Brainshark
- Type: Private
- Founded: 1999
- Founders: Joe Gustafson
- Fate: Acquired by Bigtincan (2021)
- Headquarters: Waltham, MA, USA
- Key people: Greg Flynn, President and CEO Joe Gustafson, Founder & Chairman
- Website: www.brainshark.com

= Brainshark =

Technology company in USA

Brainshark (often stylized as BRAINSHARK) was a privately held technology company based in Waltham, Massachusetts that provided a sales enablement platform and product suite. Bigtincan acquired Brainshark in August 2021.

== Products ==
Brainshark provided Web-based applications and products, delivered via software as a service (SaaS), to help companies improve sales effectiveness and productivity. The company offered a sales enablement platform and product suite.
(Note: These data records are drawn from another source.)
(* Let $G_1,G_2$ be finite simple graphs with the same number of vertices. Then $\dim_{\mathbb{C}} Z(A_{G_1})=\dim_{\mathbb{C}} Z(A_{G_2})$ (i.e. they belong to the same Clifford class) if and only if their adjacency matrices, regarded as matrices over the field $\mathbb{F}_2$, have the same rank.
   Context: All graphs are finite, with no loops and no multiple edges. For a graph $G$ with vertices numbered $1,\dots,n$, the Clifford graph algebra $A_G$ is the unital associative $\mathbb{C}$-algebra generated by $e_1,\dots,e_n$ subject to the relations $e_i^2=-1$ for all $i$; $e_ie_j=-e_je_i$ if $i\neq j$ and vertices $i,j$ are adjacent; and $e_ie_j=e_je_i$ if $i\ne j$ and vertices $i,j$ are not adjacent. $Z(A)$ denotes the center. The adjacency matrix of $G$ is the $n\times n$ matrix $(a_{ij})$ with $a_{ij}=1$ if vertices $i,j$ are adjacent and $a_{ij}=0$ otherwise (so $a_{ii}=0$). *)

From HB Require Import structures.
From mathcomp Require Import all_boot all_order all_algebra all_field.
Set Implicit Arguments. Unset Strict Implicit. Unset Printing Implicit Defensive.
Import Order.TTheory GRing.Theory Num.Theory.
Local Open Scope ring_scope.

(* A finite simple graph on vertex set 'I_n is a symmetric irreflexive
   relation [adj : rel 'I_n]. *)

Definition adjF2 (n : nat) (adj : rel 'I_n) : 'M['F_2]_n :=
  \matrix_(i, j) (adj i j)%:R.

(* Size of the monomial basis {e_S | S subset of vertices}. *)
Definition cliffN (n : nat) : nat := #|{set 'I_n}|.

(* Matrix of right multiplication by the generator e_i in the ordered
   monomial basis e_S = e_{s1} ... e_{sk} (s1 < ... < sk), acting on row
   vectors:  e_S * e_i = (-1)^(#{j in S | j > i, j adj i} + [i in S]) e_{S xor {i}}. *)
Definition cliff_gen (n : nat) (adj : rel 'I_n) (i : 'I_n)
  : 'M[algC]_(cliffN n) :=
  \matrix_(r, c)
    (let S : {set 'I_n} := enum_val r in
     let T : {set 'I_n} := enum_val c in
     if T == (if i \in S then S :\ i else i |: S) then
       (-1) ^+ (#|[set j in S | (i < j)%N && adj i j]| + (i \in S))
     else 0).

Definition cliff_mono (n : nat) (adj : rel 'I_n) (S : {set 'I_n})
  : 'M[algC]_(cliffN n) :=
  \prod_(i <- enum S) cliff_gen adj i.

(* The Clifford graph algebra A_G, realised (faithfully, via its regular
   representation) as the subalgebra of square matrices spanned by all
   monomials in the generators, encoded as an mxalgebra space. *)
Definition cliff_alg (n : nat) (adj : rel 'I_n) : 'A[algC]_(cliffN n * cliffN n, cliffN n) :=
  (\sum_(S : {set 'I_n}) <<mxvec (cliff_mono adj S)>>)%MS.

(* Its center Z(A_G) (mxalgebra's 'Z), a subspace whose rank is its
   dimension over the base field. *)
Definition cliff_center (n : nat) (adj : rel 'I_n) :=
  ('Z(cliff_alg adj))%MS.

From HB Require Import structures.
From mathcomp Require Import all_boot all_order all_algebra all_field.
From mathcomp Require Import mxabelem.
Set Implicit Arguments. Unset Strict Implicit. Unset Printing Implicit Defensive.
Import Order.TTheory GRing.Theory Num.Theory.
Local Open Scope ring_scope.

(* In the basis of ordered monomials e_S one has e_R e_S = sgn R S e_(R xor S),
   where sgn is a bicharacter for symmetric difference and
   sgn S R sgn R S = prod_(r in R) (-1)^#(neighbours of r in S).  Hence e_S
   commutes with every generator iff every vertex has an even number of
   neighbours in S, i.e. iff the indicator of S lies in the kernel of the
   adjacency matrix over F_2, and comparing coefficients in e_r x = x e_r shows
   that a central x is supported on such S.  So dim Z(A_G) = 2^(n - rank A),
   which determines rank A. *)

Section SymmetricDifference.
Variable T : finType.
Implicit Types A B C : {set T}.

Definition symd A B : {set T} := [set x | (x \in A) != (x \in B)].

Lemma in_symd x A B : (x \in symd A B) = ((x \in A) != (x \in B)).
Proof. by rewrite inE. Qed.

Lemma symdC A B : symd A B = symd B A.
Proof. by apply/setP => x; rewrite !in_symd; do 2!case: (_ \in _). Qed.

Lemma symdA A B C : symd (symd A B) C = symd A (symd B C).
Proof. by apply/setP => x; rewrite !in_symd; do 3!case: (_ \in _). Qed.

Lemma sym0d A : symd set0 A = A.
Proof. by apply/setP => x; rewrite in_symd in_set0; case: (_ \in _). Qed.

Lemma symdKl A : cancel (symd A) (symd A).
Proof. by move=> B; apply/setP => x; rewrite !in_symd; do 2!case: (_ \in _). Qed.

Lemma symd1 A x : symd A [set x] = if x \in A then A :\ x else x |: A.
Proof.
apply/setP => y; case: ifP => xA; rewrite !inE;
by case: (y =P x) => [->|]; rewrite ?xA //=; case: (y \in A).
Qed.

Lemma setI_symd A B : symd A B :&: A = A :\: B.
Proof. by apply/setP => x; rewrite !inE; do 2!case: (_ \in _). Qed.

Lemma setD_symd A B : symd A B :\: A = B :\: A.
Proof. by apply/setP => x; rewrite !inE; do 2!case: (_ \in _). Qed.

End SymmetricDifference.

Section SignProducts.
Variables (T : finType) (R : comPzRingType).

Lemma prod_signr_card (A : {set T}) (P : pred T) :
  \prod_(t in A) (if P t then -1 else 1 : R) = (-1) ^+ #|[set t in A | P t]|.
Proof. by rewrite -big_mkcondr -prodr_const; apply: eq_bigl => t; rewrite !inE. Qed.

Lemma prod_sqr1 (I : finType) (P : pred I) (h : I -> R) :
  (forall i, h i * h i = 1) -> (\prod_(i in P) h i) * \prod_(i in P) h i = 1.
Proof. by move=> hh; rewrite -big_split /=; apply: big1 => i _; rewrite hh. Qed.

Lemma prod_symd (h : T -> R) (A B : {set T}) : (forall t, h t * h t = 1) ->
  \prod_(t in symd A B) h t = \prod_(t in A) h t * \prod_(t in B) h t.
Proof.
move=> hh; rewrite (big_setID A) setI_symd setD_symd.
rewrite [\prod_(t in A) _](big_setID B) [\prod_(t in B) _](big_setID A) setIC.
by rewrite mulrACA prod_sqr1 // mul1r.
Qed.

Variable f : T -> T -> R.
Hypothesis f_sqr : forall t s, f t s * f t s = 1.

Definition bichar (A B : {set T}) : R := \prod_(t in A) \prod_(s in B) f t s.

Lemma bichar_sqr A B : bichar A B * bichar A B = 1.
Proof. by do 2!apply: prod_sqr1 => ?. Qed.

Lemma bichar0l B : bichar set0 B = 1.
Proof. by rewrite /bichar big_set0. Qed.

Lemma bichar0r A : bichar A set0 = 1.
Proof. by apply: big1 => t _; rewrite big_set0. Qed.

Lemma bichar_symdl A B C : bichar (symd A B) C = bichar A C * bichar B C.
Proof. by apply: prod_symd => t; apply: prod_sqr1. Qed.

Lemma bichar_symdr A B C : bichar A (symd B C) = bichar A B * bichar A C.
Proof. by rewrite /bichar -big_split; apply: eq_bigr => t _; apply: prod_symd. Qed.

End SignProducts.

Section MonomialMatrices.
Variable n : nat.
Local Notation N := (cliffN n).
Implicit Types R S T : {set 'I_n}.

Definition mono_mx S (w : {set 'I_n} -> algC) : 'M[algC]_N :=
  \matrix_(r, c) (if enum_val c == symd (enum_val r) S then w (enum_val r) else 0).

Lemma eq_mono_mx S v w : v =1 w -> mono_mx S v = mono_mx S w.
Proof. by move=> vw; apply/matrixP => r c; rewrite !mxE vw. Qed.

Lemma mono_mx1 : mono_mx set0 (fun=> 1) = 1.
Proof.
apply/matrixP => r c; rewrite !mxE.
have -> : symd (enum_val r) set0 = enum_val r by rewrite symdC sym0d.
by rewrite (inj_eq enum_val_inj) eq_sym; case: eqP.
Qed.

Lemma mono_mxM R S v w :
  mono_mx R v *m mono_mx S w = mono_mx (symd R S) (fun T => v T * w (symd T R)).
Proof.
apply/matrixP => r c; rewrite !mxE (bigD1 (enum_rank (symd (enum_val r) R))) //=.
rewrite !mxE enum_rankK eqxx symdA big1 ?addr0 => [|k nk].
  by case: (_ == _); rewrite ?mulr0.
rewrite !mxE; case: (enum_val k =P _) => [ek | _]; last by rewrite mul0r.
by move: nk; rewrite -ek enum_valK eqxx.
Qed.

End MonomialMatrices.

Section CliffordGraphAlgebra.
Variables (n : nat) (adj : rel 'I_n).
Local Notation N := (cliffN n).
Implicit Types (R S T : {set 'I_n}) (P : {set {set 'I_n}}).

(* [e_T e_S = sgn T S e_(symd T S)]: reordering moves each e_s of the right
   factor past every larger adjacent e_t of the left one, and e_s^2 = -1. *)
Definition pair_sign (t s : 'I_n) : algC :=
  if ((s < t)%N && adj s t) || (t == s) then -1 else 1.

Local Notation sgn := (bichar pair_sign).

Lemma pair_sign_sqr t s : pair_sign t s * pair_sign t s = 1.
Proof. by rewrite /pair_sign; case: ifP; rewrite ?mulrNN mulr1. Qed.

Let sgn_symdl := bichar_symdl pair_sign_sqr.
Let sgn_symdr := bichar_symdr pair_sign_sqr.
Let sgn_sqr := bichar_sqr pair_sign_sqr.

Lemma sgn1 T i :
  sgn T [set i] = (-1) ^+ (#|[set j in T | (i < j)%N && adj i j]| + (i \in T)).
Proof.
have split_sign t : pair_sign t i =
    (if (i < t)%N && adj i t then -1 else 1) * (if t == i then -1 else 1).
  rewrite /pair_sign; case: eqP => [->|_]; first by rewrite ltnn mul1r.
  by rewrite orbF mulr1.
rewrite /bichar; under eq_bigr do rewrite big_set1 split_sign.
rewrite big_split /= !prod_signr_card exprD; congr (_ * _ ^+ _).
have -> : [set t in T | t == i] = T :&: [set i] by apply/setP => t; rewrite !inE.
case: (boolP (i \in T)) => iT; first by rewrite (setIidPr _) ?cards1 ?sub1set.
rewrite (_ : _ :&: _ = set0) ?cards0 //.
by apply/setP => t; rewrite !inE; case: (t =P i) => [->|]; rewrite ?andbF ?(negbTE iT).
Qed.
The company's core product was Brainshark, a sales enablement platform that helped organizations create content used for sales training, onboarding, and coaching.

Brainshark launched its coaching platform in February 2016

In October 2011, Brainshark released SlideShark, a mobile app for the Apple iPad and Apple iPhone that lets users properly display PowerPoint presentations on iOS devices.

Brainshark was used in a wide range of industries, including insurance, healthcare, financial services, technology, non-profit, and others for training, sales and marketing, channel, and corporate communications.